INSTRUCTIONS FOR THE TASK:
Every line of the records below that holds the word "Mset" belongs in the answer.

SUPPLIED ENTRIES:
Lemma decode_Mset g : continuous g -> Mset (decode g).
Proof.
move=> gC; split; first exact: decode_Mi.
have [A gA] := continuous_column_tail gC 0.
have unflagged a b : (A <= a)%N -> ~~ flag g 0 a b by move=> Aa; rewrite /flag /= gA ?eqxx.
have tail := decode_window_lt (leq0n A) unflagged.
rewrite /l1 /=; have -> : (fun i => `|decode g i|) = decode g.
  by apply: funext => i; rewrite ger0_norm // decode_ge0.
apply: (@is_cvg_series_bounded _ _ (@decode_ge0 g) (\sum_(0 <= k < A) decode g k + pow2m 0)).
move=> n; have [An|nA] := leqP A n.
  by rewrite /series /= (@big_cat_nat _ _ _ A 0 n) //= lerD2l ltW ?tail.
apply: le_trans (series_nondecreasing (@decode_ge0 g) (ltnW nA)) _.
by rewrite lerDl ltW ?pow2m_gt0.
Qed.

Lemma sum_ord_ltn j n : (\sum_(a < n) (a < j))%N = minn j n.
Proof.
elim: n => [|n IH]; first by rewrite big_ord0 minn0.
by rewrite big_ord_recr /= IH; case: (ltnP n j) => nj; lia.
Qed.

Lemma unary_digit_encode x : Mset x -> unary_digit (encode x) = x.
Proof.
move=> Mx; apply: funext => i; have [j [ji xi]] := Mx.1 i.
rewrite /unary_digit /unary_count (eq_bigr (fun a : 'I_(2 ^ i) => nat_of_bool (a < j)%N)).
  by rewrite sum_ord_ltn (minn_idPl ji) xi.
by move=> a _; rewrite encode_odd xi -/(pow2m i) ler_pM2r ?pow2m_gt0 // ler_nat.
Qed.

Lemma decode_encode x : Mset x -> decode (encode x) = x.
Proof.
move=> Mx; apply: funext => i; rewrite /decode unary_digit_encode //.
suff -> : certified (encode x) i by [].
apply/forallP => m; apply/forallP => a; rewrite /flag encode_even /= unary_digit_encode //.
by case: leP.
Qed.

Lemma decode_agree g1 g2 A :
  (forall c a b, (c <= A.*2.+1)%N -> (a <= 2 ^ A)%N -> (b <= A)%N ->
     g1 (c, Some (a, b)) = g2 (c, Some (a, b))) ->
  (forall c, (c <= A.*2.+1)%N -> g1 (c, None) = g2 (c, None)) ->
  forall l, (l < A)%N -> decode g1 l = decode g2 l.
Proof.
move=> g12 g12N; have A2A : (A <= 2 ^ A)%N by rewrite ltnW // ltn_expl.
have digit k : (k < A)%N -> unary_digit g1 k = unary_digit g2 k.
  move=> kA; rewrite /unary_digit /unary_count; congr (_%:R * _).
  apply: eq_bigr => a _.
  have kA2 : (k.*2.+1 <= A.*2.+1)%N by rewrite ltnS leq_double ltnW.
  have aA : (a <= 2 ^ A)%N.
    by apply/ltnW/(leq_trans (ltn_ord a)); rewrite leq_pexp2l // ltnW.
  by rewrite g12.
move=> l lA; rewrite /decode (digit l lA); congr (if _ then _ else _).
apply: eq_forallb => m; apply: eq_forallb => a.
have mA2 : (m.*2 <= A.*2.+1)%N.
  by apply: leqW; rewrite leq_double ltnW // (leq_trans (ltn_ord m) lA).
have aA : (a <= 2 ^ A)%N by rewrite (leq_trans _ A2A) // ltnW // (leq_trans (ltn_ord a) lA).
congr (_ || _); first by rewrite /flag g12 ?g12N.
by congr (_ < _); apply: eq_big_nat => k /andP[_ kl]; rewrite digit // (leq_trans kl).
Qed.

ANSWER BELOW:
Lemma decode_Mset g : continuous g -> Mset (decode g).
Lemma unary_digit_encode x : Mset x -> unary_digit (encode x) = x.
Lemma decode_encode x : Mset x -> decode (encode x) = x.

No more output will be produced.